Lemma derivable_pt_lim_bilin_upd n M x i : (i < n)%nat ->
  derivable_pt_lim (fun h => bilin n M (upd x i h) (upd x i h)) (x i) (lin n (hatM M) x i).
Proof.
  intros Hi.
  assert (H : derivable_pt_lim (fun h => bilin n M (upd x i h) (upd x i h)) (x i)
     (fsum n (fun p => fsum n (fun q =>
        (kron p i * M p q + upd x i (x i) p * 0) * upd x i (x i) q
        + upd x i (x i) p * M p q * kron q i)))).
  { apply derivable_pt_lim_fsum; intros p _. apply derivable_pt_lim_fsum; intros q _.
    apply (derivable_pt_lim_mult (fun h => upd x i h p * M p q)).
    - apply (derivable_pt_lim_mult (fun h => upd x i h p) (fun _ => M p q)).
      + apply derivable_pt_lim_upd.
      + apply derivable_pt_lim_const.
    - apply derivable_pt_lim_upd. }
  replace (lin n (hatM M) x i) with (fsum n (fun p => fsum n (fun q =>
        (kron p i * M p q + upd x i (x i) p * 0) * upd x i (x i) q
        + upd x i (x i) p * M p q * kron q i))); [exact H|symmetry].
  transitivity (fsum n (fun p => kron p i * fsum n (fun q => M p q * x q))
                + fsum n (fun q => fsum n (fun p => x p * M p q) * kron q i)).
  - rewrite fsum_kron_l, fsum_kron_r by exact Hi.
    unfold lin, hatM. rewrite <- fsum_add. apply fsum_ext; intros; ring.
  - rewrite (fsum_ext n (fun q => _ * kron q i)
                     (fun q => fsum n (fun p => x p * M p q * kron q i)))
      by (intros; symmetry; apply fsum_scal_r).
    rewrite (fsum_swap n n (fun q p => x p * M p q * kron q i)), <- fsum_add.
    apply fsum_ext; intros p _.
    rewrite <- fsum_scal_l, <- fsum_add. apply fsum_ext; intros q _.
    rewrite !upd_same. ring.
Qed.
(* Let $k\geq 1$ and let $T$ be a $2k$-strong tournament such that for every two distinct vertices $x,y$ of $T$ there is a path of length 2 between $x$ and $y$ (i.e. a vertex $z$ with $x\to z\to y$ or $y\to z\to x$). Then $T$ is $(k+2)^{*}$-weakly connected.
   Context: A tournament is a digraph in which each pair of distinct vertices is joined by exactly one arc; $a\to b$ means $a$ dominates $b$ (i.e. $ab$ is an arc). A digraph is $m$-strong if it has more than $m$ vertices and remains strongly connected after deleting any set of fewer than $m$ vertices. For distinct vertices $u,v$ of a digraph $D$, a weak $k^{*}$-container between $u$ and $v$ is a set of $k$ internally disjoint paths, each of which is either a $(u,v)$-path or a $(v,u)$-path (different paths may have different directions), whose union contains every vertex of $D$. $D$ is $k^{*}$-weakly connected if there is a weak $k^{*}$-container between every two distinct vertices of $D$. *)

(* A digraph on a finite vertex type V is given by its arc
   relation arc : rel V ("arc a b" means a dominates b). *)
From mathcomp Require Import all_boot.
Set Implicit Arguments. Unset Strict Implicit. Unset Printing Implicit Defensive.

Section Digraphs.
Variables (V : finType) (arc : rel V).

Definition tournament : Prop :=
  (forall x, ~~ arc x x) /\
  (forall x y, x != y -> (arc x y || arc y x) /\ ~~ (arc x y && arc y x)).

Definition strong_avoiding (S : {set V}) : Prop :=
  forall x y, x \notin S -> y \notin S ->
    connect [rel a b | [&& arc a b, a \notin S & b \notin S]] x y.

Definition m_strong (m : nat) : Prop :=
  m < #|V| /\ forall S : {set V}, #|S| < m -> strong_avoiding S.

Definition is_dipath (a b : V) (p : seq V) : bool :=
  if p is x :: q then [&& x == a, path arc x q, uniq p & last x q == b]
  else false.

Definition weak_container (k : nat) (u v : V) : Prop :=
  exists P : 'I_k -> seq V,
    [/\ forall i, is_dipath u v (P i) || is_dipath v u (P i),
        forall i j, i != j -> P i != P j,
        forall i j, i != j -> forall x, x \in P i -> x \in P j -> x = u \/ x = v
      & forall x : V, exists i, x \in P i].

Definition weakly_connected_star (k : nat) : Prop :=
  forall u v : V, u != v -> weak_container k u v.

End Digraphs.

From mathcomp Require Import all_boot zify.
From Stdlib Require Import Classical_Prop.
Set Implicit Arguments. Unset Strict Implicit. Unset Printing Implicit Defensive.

=======

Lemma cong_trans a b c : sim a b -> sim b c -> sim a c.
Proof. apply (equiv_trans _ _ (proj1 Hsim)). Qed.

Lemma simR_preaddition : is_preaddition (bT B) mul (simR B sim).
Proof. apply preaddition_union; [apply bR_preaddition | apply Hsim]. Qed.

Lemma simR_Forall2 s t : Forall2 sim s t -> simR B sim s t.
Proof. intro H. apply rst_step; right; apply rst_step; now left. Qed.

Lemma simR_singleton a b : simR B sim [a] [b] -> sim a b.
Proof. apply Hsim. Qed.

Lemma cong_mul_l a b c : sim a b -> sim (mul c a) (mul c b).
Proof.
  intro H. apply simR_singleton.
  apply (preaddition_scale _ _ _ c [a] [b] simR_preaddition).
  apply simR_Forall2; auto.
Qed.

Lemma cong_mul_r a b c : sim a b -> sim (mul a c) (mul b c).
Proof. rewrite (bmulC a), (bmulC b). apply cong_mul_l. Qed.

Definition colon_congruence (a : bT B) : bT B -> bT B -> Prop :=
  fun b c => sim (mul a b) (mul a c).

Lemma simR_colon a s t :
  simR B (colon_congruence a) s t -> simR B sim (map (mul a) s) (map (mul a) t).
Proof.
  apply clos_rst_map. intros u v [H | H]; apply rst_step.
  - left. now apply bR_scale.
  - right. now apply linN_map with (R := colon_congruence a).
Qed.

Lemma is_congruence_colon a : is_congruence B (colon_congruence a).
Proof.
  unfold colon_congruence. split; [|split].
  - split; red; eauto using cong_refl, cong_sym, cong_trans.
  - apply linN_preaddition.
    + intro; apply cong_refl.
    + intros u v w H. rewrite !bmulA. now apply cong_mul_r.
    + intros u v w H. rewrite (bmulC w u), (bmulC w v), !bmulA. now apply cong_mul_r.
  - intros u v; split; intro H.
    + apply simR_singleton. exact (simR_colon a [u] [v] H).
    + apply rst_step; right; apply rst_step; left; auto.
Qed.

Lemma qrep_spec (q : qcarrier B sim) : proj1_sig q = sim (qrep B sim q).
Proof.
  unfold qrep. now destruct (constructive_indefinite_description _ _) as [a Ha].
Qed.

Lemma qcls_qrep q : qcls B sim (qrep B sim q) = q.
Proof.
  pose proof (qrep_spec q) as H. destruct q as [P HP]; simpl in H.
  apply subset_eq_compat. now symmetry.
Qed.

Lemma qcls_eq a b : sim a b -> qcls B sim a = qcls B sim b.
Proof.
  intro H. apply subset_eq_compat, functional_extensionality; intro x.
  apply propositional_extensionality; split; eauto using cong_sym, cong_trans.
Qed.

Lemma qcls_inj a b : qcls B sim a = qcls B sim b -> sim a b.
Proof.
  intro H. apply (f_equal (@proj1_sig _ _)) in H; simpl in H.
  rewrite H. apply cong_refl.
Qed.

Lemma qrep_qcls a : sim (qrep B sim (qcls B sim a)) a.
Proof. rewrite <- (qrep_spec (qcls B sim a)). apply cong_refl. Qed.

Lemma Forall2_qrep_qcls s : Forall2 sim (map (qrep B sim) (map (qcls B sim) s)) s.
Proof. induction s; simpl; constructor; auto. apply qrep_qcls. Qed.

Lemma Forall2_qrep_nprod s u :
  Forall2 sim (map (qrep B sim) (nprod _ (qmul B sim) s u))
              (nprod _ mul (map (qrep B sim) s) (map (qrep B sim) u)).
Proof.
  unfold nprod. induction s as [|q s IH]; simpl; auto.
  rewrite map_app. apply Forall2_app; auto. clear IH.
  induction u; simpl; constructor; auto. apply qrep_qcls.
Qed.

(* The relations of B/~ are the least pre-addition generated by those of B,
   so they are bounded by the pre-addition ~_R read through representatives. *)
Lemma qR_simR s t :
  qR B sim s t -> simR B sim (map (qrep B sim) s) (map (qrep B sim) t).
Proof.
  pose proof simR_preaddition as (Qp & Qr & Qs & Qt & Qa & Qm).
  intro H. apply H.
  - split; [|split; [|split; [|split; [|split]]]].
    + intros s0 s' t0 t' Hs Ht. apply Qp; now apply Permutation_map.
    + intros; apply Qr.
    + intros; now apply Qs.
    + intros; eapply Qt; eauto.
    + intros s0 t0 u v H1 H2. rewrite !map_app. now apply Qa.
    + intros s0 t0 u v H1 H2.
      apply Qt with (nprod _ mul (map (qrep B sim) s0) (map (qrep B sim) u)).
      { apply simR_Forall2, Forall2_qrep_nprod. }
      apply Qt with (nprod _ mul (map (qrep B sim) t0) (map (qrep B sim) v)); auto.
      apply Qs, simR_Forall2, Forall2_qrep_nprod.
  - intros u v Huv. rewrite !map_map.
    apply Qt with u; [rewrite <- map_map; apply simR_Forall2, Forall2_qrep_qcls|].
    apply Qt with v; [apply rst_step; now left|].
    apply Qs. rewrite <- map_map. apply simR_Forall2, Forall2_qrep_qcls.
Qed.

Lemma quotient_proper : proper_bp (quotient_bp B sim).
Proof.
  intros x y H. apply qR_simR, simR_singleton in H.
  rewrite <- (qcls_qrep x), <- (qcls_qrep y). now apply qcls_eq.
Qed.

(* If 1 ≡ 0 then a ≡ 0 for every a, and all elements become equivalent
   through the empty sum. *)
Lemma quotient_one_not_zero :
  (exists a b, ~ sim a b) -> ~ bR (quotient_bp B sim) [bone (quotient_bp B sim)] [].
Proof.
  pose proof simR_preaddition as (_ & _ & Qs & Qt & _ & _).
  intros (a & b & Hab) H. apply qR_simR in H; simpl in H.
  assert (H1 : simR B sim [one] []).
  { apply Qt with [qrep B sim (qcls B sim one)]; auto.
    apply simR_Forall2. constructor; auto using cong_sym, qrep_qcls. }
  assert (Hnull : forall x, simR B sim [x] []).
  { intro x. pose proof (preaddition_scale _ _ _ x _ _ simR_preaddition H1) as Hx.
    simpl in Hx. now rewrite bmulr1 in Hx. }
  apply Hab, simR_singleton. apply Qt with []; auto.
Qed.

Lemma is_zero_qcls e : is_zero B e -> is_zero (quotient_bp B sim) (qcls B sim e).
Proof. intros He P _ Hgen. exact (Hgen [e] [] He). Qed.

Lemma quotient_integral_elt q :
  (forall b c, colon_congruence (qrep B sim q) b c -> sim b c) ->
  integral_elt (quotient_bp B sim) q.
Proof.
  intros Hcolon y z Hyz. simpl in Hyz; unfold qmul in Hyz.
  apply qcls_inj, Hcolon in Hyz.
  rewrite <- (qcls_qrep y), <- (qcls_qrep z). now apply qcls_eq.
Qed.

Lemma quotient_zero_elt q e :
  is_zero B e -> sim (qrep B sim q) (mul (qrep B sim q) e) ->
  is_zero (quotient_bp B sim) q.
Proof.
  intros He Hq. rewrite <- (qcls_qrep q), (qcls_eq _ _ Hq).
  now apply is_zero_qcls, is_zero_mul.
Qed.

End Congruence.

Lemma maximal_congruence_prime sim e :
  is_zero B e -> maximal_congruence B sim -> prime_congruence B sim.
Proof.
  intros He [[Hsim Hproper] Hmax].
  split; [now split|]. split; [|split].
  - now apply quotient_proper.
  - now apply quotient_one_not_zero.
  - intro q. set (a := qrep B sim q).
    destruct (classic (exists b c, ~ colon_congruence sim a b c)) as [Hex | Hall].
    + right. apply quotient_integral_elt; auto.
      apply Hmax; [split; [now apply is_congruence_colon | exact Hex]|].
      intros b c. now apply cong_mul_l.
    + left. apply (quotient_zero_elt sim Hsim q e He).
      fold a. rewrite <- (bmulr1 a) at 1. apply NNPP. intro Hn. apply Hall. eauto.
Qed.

=======

**What to produce:** Tell how many lines of the records above hold the string "Hsim". Give no other text.

**Output:** 5